BD, Accelerate announce collaboration on rapid ID, susceptibility tests
Becton, Dickinson and Company (BD) and Accelerate Diagnostics yesterday announced a commercial collaboration agreement to bring rapid identification and antibiotic susceptibility tests to more clinicians and patients worldwide.
Under the agreement, BD will market and sell through its global sales network the Food and Drug Administration–approved Accelerate Pheno system, which delivers rapid pathogen identification and antibiotic susceptibility test results from blood cultures 1 to 2 days faster than traditional laboratory methods. The agreement also covers the Accelerate Arc module.
The companies say the two testing systems will help clinicians determine faster whether a patient needs an antibiotic, and if so, which one they need.
"When a patient is very sick, every minute matters," Brooke Story, MBA, president of Integrated Diagnostic Solutions for BD, said in a press release. "Through our collaboration with Accelerate Diagnostics, we can help clinicians more quickly, efficiently and effectively treat patients, which may lead to a reduction in health care costs and help slow the spread of antimicrobial resistance."

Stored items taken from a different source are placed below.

Lemma hankel_LU : \matrix_(i < n.+1, j < n.+1)
    Fpath p V (qk p (i + m) + j) (rk p (i + m)) = Lfactor *m Ufactor.
Proof.
apply/matrixP => i j; rewrite !mxE Fpath_pweight.
have -> : ((q i + j) * p + r i = (i + q i) + (j * p + m))%N.
  have := qk_rkE p (i + m); rewrite -/(q i) -/(r i).
  by case: p p_gt1 => [|P] //= _; nia.
rewrite (sum_tuple_cat _ _ (fun s => pweight p V (r i)%:Z s 0)).
under eq_bigr => s1 _ do under eq_bigr => s2 _ do
  rewrite -(pweight_cut s2 (size_tuple s1)).
under eq_bigr => s1 _ do rewrite exchange_big.
rewrite exchange_big; apply: eq_bigr => h _; rewrite !mxE big_distrl.
by apply: eq_bigr => s1 _; rewrite big_distrr.
Qed.

Lemma Hdet_prod : Hdet p V m n = \prod_(j < n.+1) \prod_(t < j * p + m) V t.+1.
Proof.
rewrite /Hdet hankel_LU det_mulmx det_trig; last first.
  by apply/is_trig_mxP => i h; apply: Lfactor_upper.
rewrite big1 ?mul1r => [|i _]; last exact: Lfactor_diag.
rewrite -det_tr det_trig; last first.
  by apply/is_trig_mxP => i j lt_ij; rewrite mxE; apply: Ufactor_lower.
by apply: eq_bigr => j _; rewrite mxE Ufactor_diag.
Qed.

End HankelFactorization.

Section Telescoping.
Variables (R : comNzRingType) (p : nat) (V : nat -> R).
Hypothesis p_gt1 : (1 < p)%N.

Lemma Hs_prod m k : (m < p)%N ->
  Hs p V m k = \prod_(j < k) \prod_(t < j * p + m) V t.+1.
Proof. by case: k => [|k] m_lt_p; rewrite ?big_ord0 //= Hdet_prod. Qed.

Lemma Hs_recurrence m n : (0 < m < p)%N ->
  V (p * n + m) * Hs p V m n * Hs p V m.-1 n.+1 = Hs p V m n.+1 * Hs p V m.-1 n.
Proof.
case: m => [|m] // /andP[_ m_lt_p]; rewrite !Hs_prod ?(ltnW m_lt_p) //=.
rewrite !big_ord_recr /= (_ : (n * p + m.+1 = (n * p + m).+1)%N) ?addnS //.
by rewrite big_ord_recr /= mulnC; ring.
Qed.

Lemma Hs_recurrence0 n :
  V (p * n.+1) * Hs p V 0 n.+1 * Hs p V p.-1 n.+1 = Hs p V 0 n.+2 * Hs p V p.-1 n.
Proof.
have [p_gt0 p1_lt_p] : (0 < p)%N /\ (p.-1 < p)%N by split; lia.
rewrite !Hs_prod // [in RHS]big_ord_recr [X in _ * X = _]big_ord_recr /=.
have -> : (n.+1 * p + 0 = (n * p + p.-1).+1)%N by lia.
have -> : (p * n.+1 = (n * p + p.-1).+1)%N by lia.
by rewrite [\prod_(t < (n * p + p.-1).+1) _]big_ord_recr /=; ring.
Qed.

End Telescoping.

Lemma map_weight_coef0 p M N (w : {perm 'I_N.+1}) : (map_weight p M w)@_0 = 0.
Proof.
rewrite /map_weight rmorph_prod (bigD1 (porbit w ord0)) ?imset_f //=.
by rewrite mcoeffX mnm1_eq0 mul0r.
Qed.

Lemma Vtrunc_coef0 p M i : (Vtrunc p M i)@_0 = 1.
Proof.
rewrite /Vtrunc mcoeffD mcoeff1 eqxx raddf_sum big1 ?addr0 // => N _.
rewrite /= mcoeffZ raddf_sum big1 ?mulr0 // => b _.
rewrite /= raddf_sum big1 // => w _; rewrite /= raddf_sum big1 // => v _.
exact: map_weight_coef0.
Qed.

Lemma series_unit_Hs p m k : (1 < p)%N -> (m < p)%N ->
  series_unit (fun M => Hs p (Vtrunc p M) m k).
Proof.
move=> p_gt1 m_lt_p M; rewrite Hs_prod // !rmorph_prod big1 ?oner_neq0 // => j _.
by rewrite rmorph_prod big1 // => t _; apply: Vtrunc_coef0.
Qed.

Theorem corollary1 (p m n : nat) : (2 <= p)%N -> (m < p)%N ->
  ((0 < m)%N ->
     series_unit (fun M => Hs p (Vtrunc p M) m n)
     /\ series_unit (fun M => Hs p (Vtrunc p M) m.-1 n.+1)
     /\ series_eq
          (fun M => Vtrunc p M (p * n + m)
                    * Hs p (Vtrunc p M) m n * Hs p (Vtrunc p M) m.-1 n.+1)
          (fun M => Hs p (Vtrunc p M) m n.+1 * Hs p (Vtrunc p M) m.-1 n))
  /\
  (m = 0%N -> (0 < n)%N ->
     series_unit (fun M => Hs p (Vtrunc p M) 0 n)
     /\ series_unit (fun M => Hs p (Vtrunc p M) p.-1 n)
     /\ series_eq
          (fun M => Vtrunc p M (p * n)
                    * Hs p (Vtrunc p M) 0 n * Hs p (Vtrunc p M) p.-1 n)
          (fun M => Hs p (Vtrunc p M) 0 n.+1 * Hs p (Vtrunc p M) p.-1 n.-1)).
Proof.
move=> p_gt1 m_lt_p; split=> [m_gt0 | _ n_gt0].
  split; [|split]; try (apply: series_unit_Hs; lia).
  by move=> M mm _; rewrite Hs_recurrence ?m_gt0.
split; [|split]; try (apply: series_unit_Hs; lia).
by case: n n_gt0 => [|n] // _ M mm _; rewrite Hs_recurrence0.
Qed.
(* Write zeta_j for the rows of Z.  The evaluation p |-> (<p, zeta_j>)_j embeds
   P = sigma^vee cap M_1 into N^d with close image, so by universality it is r
   followed by a monoid map N^d -> N^d.  Closeness forces that map to be monomial,
   i.e. a permutation of the coordinates with positive scalars; since P - P is the
   whole lattice, primitivity of each zeta_j forces the scalars to be 1, and the
   permutation is the ray correspondence rho.  Dually, the free generators of
   sigma^0 must lie one on each ray, and the levels make them exactly n_j zeta_j.
   Hence the target is {m | <m, n_j zeta_j> in N for all j}, which
   m |-> (<m, n_j zeta_j>)_j identifies with N^d, and on P this map is t o r. *)

From HB Require Import structures.
From mathcomp Require Import all_boot all_order all_algebra perm lra.
From Stdlib Require Import FunctionalExtensionality.
Set Implicit Arguments. Unset Strict Implicit. Unset Printing Implicit Defensive.
Import Order.TTheory GRing.Theory Num.Theory.
Local Open Scope ring_scope.

Local Notation ratmx Z := (map_mx (fun z : int => z%:~R : rat) Z).

Lemma additive_natfunE (V : nmodType) K (f : ('I_K -> nat) -> V) :
  f (fun _ => 0%N) = 0 -> (forall x y, f (fun i => x i + y i)%N = f x + f y) ->
  forall x, f x = \sum_k f (fun l => (l == k : nat)) *+ x k.
Proof.
move=> f0 fD x; pose addf (x y : 'I_K -> nat) i := (x i + y i)%N.
have fMn y c : f (fun l => c * y l)%N = f y *+ c.
  elim: c => [|c IHc]; first by rewrite mulr0n -f0.
  by rewrite mulrS -IHc -fD; congr f; apply: functional_extensionality => l; rewrite mulSn.
have xE : x = \big[addf/fun _ => 0%N]_k (fun l => x k * (l == k))%N.
  apply: functional_extensionality => l.
  rewrite (big_morph (fun y => y l) (id1 := 0%N) (op1 := addn)) //.
  by rewrite (bigD1 l) //= eqxx muln1 big1 ?addn0 // => k /negbTE kl; rewrite eq_sym kl muln0.
by rewrite {1}xE (big_morph f fD f0); apply: eq_bigr => k _; rewrite -fMn.
Qed.

Lemma perm_of_private_support d (P : rel 'I_d) :
  (forall j, exists k, P j k && [forall l, P l k ==> (l == j)]) ->
  exists s : {perm 'I_d}, forall j k, P j k = (k == s j).
Proof.
move=> private; pose kappa j := odflt j [pick k | P j k && [forall l, P l k ==> (l == j)]].
have kappaP j : P j (kappa j) && [forall l, P l (kappa j) ==> (l == j)].
  rewrite /kappa; case: pickP => [k //|none] /=.
  by have [k Hk] := private j; rewrite none in Hk.
have kappa_only j l : P l (kappa j) -> l = j.
  by move=> Plk; have /andP[_ /forallP/(_ l)/implyP/(_ Plk)/eqP] := kappaP j.
have kappa_inj : injective kappa.
  by move=> j1 j2 E; apply: kappa_only; rewrite -E; case/andP: (kappaP j1).
exists (perm kappa_inj) => j k; rewrite permE.
apply/idP/eqP => [Pjk|->]; last by case/andP: (kappaP j).
have [kinv _ kinvK] := injF_bij kappa_inj.
by rewrite -(kinvK k) in Pjk *; rewrite (kappa_only _ _ Pjk).
Qed.

Lemma monomial_of_nonneg_cone (R : numDomainType) d (a : 'I_d -> 'I_d -> R) :
  (forall j k, 0 <= a j k) ->
  (forall j, exists x : 'I_d -> R, exists2 c, 0 < c &
     (forall k, 0 <= x k) /\ forall l, \sum_k x k * a l k = c * (l == j)%:R) ->
  exists s : {perm 'I_d}, forall j k, (a j k != 0) = (k == s j).
Proof.
move=> a_ge0 hits; apply: perm_of_private_support => j.
have [x [c c_gt0 [x_ge0 xa]]] := hits j.
have xa_ge0 l k : 0 <= x k * a l k by rewrite mulr_ge0.
have [k xajk] : exists k, x k * a j k != 0.
  apply/existsP; apply: contraTT c_gt0 => /existsPn xa0.
  have := xa j; rewrite eqxx mulr1 big1 => [<-|k _]; last exact/eqP/negPn/xa0.
  by rewrite ltxx.
move: xajk; rewrite mulf_eq0 negb_or => /andP[xk0 ajk0].
exists k; rewrite ajk0 /=; apply/forallP => l; apply/implyP => alk0.
apply: contraTT alk0 => lj; rewrite negbK.
have := xa l; rewrite (negbTE lj) mulr0.
move=> /(psumr_eq0P (fun k _ => xa_ge0 l k))/(_ k isT)/eqP.
by rewrite mulf_eq0 (negbTE xk0).
Qed.

Section Lattice.
Variable d : nat.
Implicit Types (u v w z : 'rV[int]_d) (m x : 'rV[rat]_d).

Lemma toQ_is_zmod_morphism : zmod_morphism (@toQ d).
Proof. by move=> u v; apply/matrixP => i j; rewrite !mxE rmorphB. Qed.

HB.instance Definition _ :=
  GRing.isZmodMorphism.Build _ _ (@toQ d) toQ_is_zmod_morphism.

Lemma toQ_inj : injective (@toQ d).
Proof.
move=> u v /matrixP uv; apply/matrixP => i j.
by have := uv i j; rewrite !mxE => /intr_inj.
Qed.

Lemma toQMn u k : toQ (u *+ k) = k%:R *: toQ u.
Proof. by rewrite raddfMn scaler_nat. Qed.

Lemma pairQE m x : pairQ m x = (m *m x^T) 0 0.
Proof. by rewrite mxE; apply: eq_bigr => i _; rewrite mxE. Qed.

Lemma pairQ0l x : pairQ 0 x = 0.
Proof. by rewrite pairQE mul0mx mxE. Qed.

Lemma pairQDl m1 m2 x : pairQ (m1 + m2) x = pairQ m1 x + pairQ m2 x.
Proof. by rewrite !pairQE mulmxDl mxE. Qed.

Lemma pairQBl m1 m2 x : pairQ (m1 - m2) x = pairQ m1 x - pairQ m2 x.
Proof. by rewrite !pairQE mulmxBl !mxE. Qed.

Lemma pairQZl a m x : pairQ (a *: m) x = a * pairQ m x.
Proof. by rewrite !pairQE -scalemxAl mxE. Qed.

Lemma pairQ_sumr (I : finType) m (c : I -> rat) (F : I -> 'rV[rat]_d) :
  pairQ m (\sum_i c i *: F i) = \sum_i c i * pairQ m (F i).
Proof.
rewrite pairQE linear_sum mulmx_sumr summxE; apply: eq_bigr => i _.
by rewrite linearZ -scalemxAr mxE pairQE.
Qed.

Lemma pairQZr a m x : pairQ m (a *: x) = a * pairQ m x.
Proof. by rewrite !pairQE linearZ -scalemxAr mxE. Qed.

Lemma pairQ_lattice_int u v : pairQ (toQ u) (toQ v) \is a Num.int.
Proof. by apply: rpred_sum => i _; rewrite !mxE rpredM ?intr_int. Qed.

Lemma pairQ_delta i m : pairQ (toQ (delta_mx 0 i)) m = m 0 i.
Proof.
rewrite /pairQ (bigD1 i) //= big1 ?addr0 => [|k ki]; first by rewrite !mxE !eqxx mul1r.
by rewrite !mxE (negbTE ki) andbF mul0r.
Qed.

Lemma lattice_of_int_coords x : (forall i, x 0 i \is a Num.int) -> exists w, toQ w = x.
Proof.
move=> x_int; exists (\row_i Num.floor (x 0 i)); apply/matrixP => a i.
by rewrite (ord1 a) !mxE floorK.
Qed.

Lemma lattice_of_int_pairing x :
  (forall u, pairQ (toQ u) x \is a Num.int) -> exists w, toQ w = x.
Proof. by move=> x_int; apply: lattice_of_int_coords => i; rewrite -pairQ_delta. Qed.

Lemma lattice_multiple x : exists2 k : nat, (0 < k)%N & exists u, toQ u = k%:R *: x.
Proof.
pose k := (\prod_i `|denq (x 0%R i)|)%N.
exists k; first by rewrite prodn_gt0 // => i; rewrite absz_gt0 denq_neq0.
apply: lattice_of_int_coords => i; rewrite mxE natr_prod (bigD1 i) //= mulrAC.
have den_int j : (`|denq (x 0 j)|%:R : rat) = (denq (x 0 j))%:~R.
  by rewrite natr_absz normr_denq.
rewrite rpredM ?rpred_prod // => [|j _]; last by rewrite den_int intr_int.
by rewrite den_int mulrC -numqE intr_int.
Qed.

Lemma first_lattice_pt_nat z w (b : rat) :
  first_lattice_pt z -> 0 < b -> toQ w = b *: toQ z -> b \is a Num.nat.
Proof.
move=> [_ z_first] b_gt0 wE; rewrite natrEtruncn; set t := Num.truncn b.
have /andP[tb bt] := truncn_itv (ltW b_gt0).
rewrite eq_le tb /=; rewrite leNgt; apply/negP => t_lt_b.
have : 1 <= b - t%:R.
  apply: z_first; first by rewrite subr_gt0.
  by exists (w - z *+ t); rewrite raddfB /= toQMn wE scalerBl.
by rewrite lerBrDr addrC natr1 leNgt bt.
Qed.
End Lattice.

Section Cone.
Variables (d : nat) (Z : 'M[int]_d).
Hypothesis Zfree : simplicial_full Z.
Local Notation P := (dual_lattice Z).
Implicit Types (p q u v : 'rV[int]_d) (m x : 'rV[rat]_d).

Lemma toQ_row j : toQ (row j Z) = row j (ratmx Z).
Proof. exact: map_row. Qed.

Lemma pairQ_rowE m j : pairQ m (row j (ratmx Z)) = (m *m (ratmx Z)^T) 0 j.
Proof. by rewrite pairQE !mxE; apply: eq_bigr => i _; rewrite !mxE. Qed.

Lemma ratmx_tr_unit : (ratmx Z)^T \in unitmx.
Proof. by rewrite unitmx_tr -row_free_unit. Qed.

Lemma pairQ_rows_inj m1 m2 :
  (forall j, pairQ m1 (row j (ratmx Z)) = pairQ m2 (row j (ratmx Z))) -> m1 = m2.
Proof.
move=> eq12; apply: (can_inj (mulmxK ratmx_tr_unit)).
by apply/rowP => j; rewrite -!pairQ_rowE.
Qed.
Lemma phase_plus (D1 D2 : C) (u : R) :
  Cmult (phase D1 u) (phase D2 u) = phase (Cplus D1 D2) u.
Proof. unfold phase. rewrite <- cexp_plus. f_equal. ring. Qed.

Lemma phase_0 (D : C) : phase D 0 = RtoC 1.
Proof.
  unfold phase. replace (Cmult (Cmult (RtoC (- 1)) Ci) (Cmult (RtoC 0) D)) with (RtoC 0) by ring.
  unfold cexp, RtoC; simpl. rewrite exp_0, cos_0, sin_0. f_equal; ring.
Qed.

Lemma phase_components (d1 d2 u : R) :
  phase (d1, d2) u = (exp (u * d2) * cos (- (u * d1)), exp (u * d2) * sin (- (u * d1))).
Proof.
  unfold phase, cexp, Cmult, RtoC, Ci; simpl.
  replace ((-1 * 0 - 0 * 1) * (u * d1 - 0 * d2) - (-1 * 1 + 0 * 0) * (u * d2 + 0 * d1))
    with (u * d2) by ring.
  replace ((-1 * 0 - 0 * 1) * (u * d2 + 0 * d1) + (-1 * 1 + 0 * 0) * (u * d1 - 0 * d2))
    with (- (u * d1)) by ring.
  reflexivity.
Qed.

Lemma is_derive_scaled_phase (c D : C) (x : R) :
  @is_derive R_AbsRing C_R_NormedModule (fun u => Cmult c (phase D u)) x
    (Cmult (Cmult c (Cmult (Cmult (RtoC (- 1)) Ci) D)) (phase D x)).
Proof.
  destruct c as [c1 c2], D as [d1 d2].
  apply is_derive_C_components;
    (eapply is_derive_ext; [intros u; cbv beta; rewrite phase_components; reflexivity|]);
    rewrite phase_components; unfold Cmult, RtoC, Ci; simpl;
    auto_derive; auto; ring.
Qed.

Lemma is_RInt_scaled_phase (c D : C) (t : R) : D <> RtoC 0 ->
  @is_RInt C_R_NormedModule (fun u => Cmult c (phase D u)) 0 t
    (Cmult (Cmult c (Cdiv Ci D)) (Cminus (phase D t) (RtoC 1))).
Proof.
  intros HD.
  set (F := fun u => Cmult (Cmult c (Cdiv Ci D)) (phase D u)).
  replace (Cmult (Cmult c (Cdiv Ci D)) (Cminus (phase D t) (RtoC 1)))
    with (@minus C_R_NormedModule (F t) (F 0)).
  2: { unfold F. rewrite phase_0. change (@minus C_R_NormedModule ?a ?b) with (Cminus a b).
    match goal with |- ?x = ?y => change (@eq C x y) end. ring. }
  apply (@is_RInt_derive C_R_CompleteNormedModule).
  - intros x _. unfold F.
    replace (Cmult c (phase D x))
      with (Cmult (Cmult (Cmult c (Cdiv Ci D)) (Cmult (Cmult (RtoC (- 1)) Ci) D)) (phase D x)).
    + apply is_derive_scaled_phase.
    + assert (Hi : Cmult Ci Ci = Copp (RtoC 1))
        by (unfold Ci, Cmult, Copp, RtoC; simpl; f_equal; ring).
      assert (Hm : RtoC (- 1) = Copp (RtoC 1)) by (unfold Copp, RtoC; simpl; f_equal; ring).
      rewrite Hm. transitivity (Cmult (Cmult c (Copp (Cmult Ci Ci))) (phase D x)).
      * field. exact HD.
      * rewrite Hi. ring.
  - intros y _. apply (@ex_derive_continuous R_AbsRing C_R_NormedModule).
    eexists. apply is_derive_scaled_phase.
Qed.

Lemma Csum_app (l1 l2 : list C) : Csum (l1 ++ l2) = Cplus (Csum l1) (Csum l2).
Proof. induction l1 as [|x l1 IH]; simpl; [|rewrite IH]; ring. Qed.

Lemma Csum_map_plus {A} (f h : A -> C) (l : list A) :
  Csum (map (fun x => Cplus (f x) (h x)) l) = Cplus (Csum (map f l)) (Csum (map h l)).
Proof. induction l as [|x l IH]; simpl; [|rewrite IH]; ring. Qed.

Lemma Cmult_Csum_map {A} (z : C) (f : A -> C) (l : list A) :
  Cmult z (Csum (map f l)) = Csum (map (fun x => Cmult z (f x)) l).
Proof. induction l as [|x l IH]; simpl; [|rewrite <- IH]; ring. Qed.

Lemma is_RInt_Csum {A} (h : A -> R -> C) (v : A -> C) (l : list A) (a b : R) :
  (forall x, In x l -> @is_RInt C_R_NormedModule (h x) a b (v x)) ->
  @is_RInt C_R_NormedModule (fun u => Csum (map (fun x => h x u) l)) a b (Csum (map v l)).
Proof.
  induction l as [|x l IH]; intros H; simpl.
  - pose proof (@is_RInt_const C_R_NormedModule a b zero) as Hc.
    rewrite (@scal_zero_r R_Ring C_R_ModuleSpace) in Hc. exact Hc.
  - apply (@is_RInt_plus C_R_NormedModule).
    + apply H. left; reflexivity.
    + apply IH. intros y Hy. apply H. right; exact Hy.
Qed.

Lemma comps_aux_fuel (f1 f2 n : nat) : (n <= f1)%nat -> (n <= f2)%nat ->
  comps_aux f1 n = comps_aux f2 n.
Proof.
  revert f2 n. induction f1 as [|f1 IH]; intros f2 n H1 H2.
  - assert (n = 0%nat) by lia; subst. destruct f2; reflexivity.
  - destruct n as [|m]; [destruct f2; reflexivity|].
    destruct f2 as [|f2]; [lia|].
    cbn [comps_aux]. rewrite !flat_map_concat_map. f_equal.
    apply map_ext_in. intros a Ha. apply in_seq in Ha.
    f_equal. apply IH; lia.
Qed.

Lemma comps_aux_S (f m : nat) : comps_aux (S f) (S m) =
  flat_map (fun a => map (cons a) (comps_aux f (S m - a))) (seq 1 (S m)).
Proof. reflexivity. Qed.

Definition enlarge_first (c : list nat) : list nat :=
  match c with [] => [] | a :: c' => S a :: c' end.

Lemma compositions_S (n : nat) : (1 <= n)%nat ->
  compositions (S n) =
  map (cons 1%nat) (compositions n) ++ map enlarge_first (compositions n).
Proof.
  intros Hn. destruct n as [|m]; [lia|].
  unfold compositions. rewrite !comps_aux_S.
  change (seq 1 (S (S m))) with (1%nat :: seq 2 (S m)).
  cbn [flat_map]. replace (S (S m) - 1)%nat with (S m) by lia.
  f_equal.
  rewrite <- seq_shift, !flat_map_concat_map, concat_map, !map_map. f_equal.
  apply map_ext_in. intros b Hb. apply in_seq in Hb.
  rewrite map_map. cbn [enlarge_first].
  replace (S (S m) - S b)%nat with (S m - b)%nat by lia.
  rewrite (comps_aux_fuel (S m) m) by lia.
  reflexivity.
Qed.

Lemma Csum_compositions_S (f : list nat -> C) (n : nat) : (1 <= n)%nat ->
  Csum (map f (compositions (S n))) =
  Csum (map (fun c => Cplus (f (1%nat :: c)) (f (enlarge_first c))) (compositions n)).
Proof.
  intros Hn. rewrite compositions_S by exact Hn.
  rewrite map_app, Csum_app, !map_map, Csum_map_plus. reflexivity.
Qed.

Lemma is_composition_cons1 (n : nat) (c : list nat) :
  is_composition n c -> is_composition (S n) (1%nat :: c).
Proof. intros [Hpos Hsum]. split; [constructor; [lia | exact Hpos] | simpl; lia]. Qed.

Lemma is_composition_enlarge (n : nat) (c : list nat) : (1 <= n)%nat ->
  is_composition n c -> is_composition (S n) (enlarge_first c).
Proof.
  intros Hn [Hpos Hsum]. destruct c as [|b c]; [simpl in Hsum; lia|].
  inversion Hpos; subst. split; [constructor; [lia | assumption] | simpl; lia].
Qed.

Lemma is_composition_head (n : nat) (c : list nat) : (1 <= n)%nat ->
  is_composition n c -> exists b c', c = b :: c' /\ (1 <= b)%nat.
Proof.
  intros Hn [Hpos Hsum]. destruct c as [|b c]; [simpl in Hsum; lia|].
  inversion Hpos; subst. exists b, c. auto.
Qed.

Aug 15 Accelerate Diagnostics press release
Survey reveals low antibiotic knowledge, improper antibiotic use in China
The overall level of antibiotic knowledge in China is low, and inappropriate use of antibiotics is high, according to the results of a survey published last week in BMC Infectious Diseases.
The online survey, conducted from July through September 2018, was used to collect data from respondents in China on antibiotic use and related knowledge. While non-prescription antibiotic sales are illegal in China, the practice is common, and inappropriate antibiotic use has long been widespread. The survey focused on three aspects of inappropriate antibiotic use: self-medication with antibiotics (SMA), self-storage with antibiotics (SSA), and non-adherence to antibiotic treatment (NAAT). Logistic regression was used to determine factors associated with these inappropriate behaviors.
Of the 15,526 respondents, more than 55% could not correctly identify whether antibiotics were used to treat bacterial or viral infections, and 57.6% could not distinguish antibiotics from anti-inflammatory agents. Overall, 26.0%, 46.6% and 27.4% of the participants had high, medium, and low levels of antibiotic knowledge, respectively.
Regarding inappropriate use, 37.1% reported SMA, 67.9% reported SSA, and 53.3% reported NAAT in the past 6 months. A breakdown of the four types of non-adherence behaviors showed that 48.3%, 15.2%, 25.5%, and 78.0% of respondents said that they had missed antibiotics, increased antibiotic dosage, decreased antibiotic dosage, and discontinued antibiotics once symptoms disappeared, respectively.
After adjusting for other variables, multivariate logistic regression analyses showed that respondents aged 30 to 44 years (adjusted odds ratio [aOR], 1.36; 95% confidence interval [CI], 1.26 to 1.47), with higher levels of education (aOR, 1.16; 95% CI, 1.05 to 1.29), poor status of self-perceived health (aOR, 1.57; 95% CI, 1.38 to 1.80), and medium (aOR, 1.08; 95% CI, 1.02 to 1.15) or low (aOR, 1.40; 95% CI, 1.28 to 1.54) levels of antibiotic knowledge were more likely to report SMA, SSA, and NAAT.
The study authors say the results indicate an urgent need for a national action plan and effective public health strategies to address the widespread inappropriate use of antibiotics in China.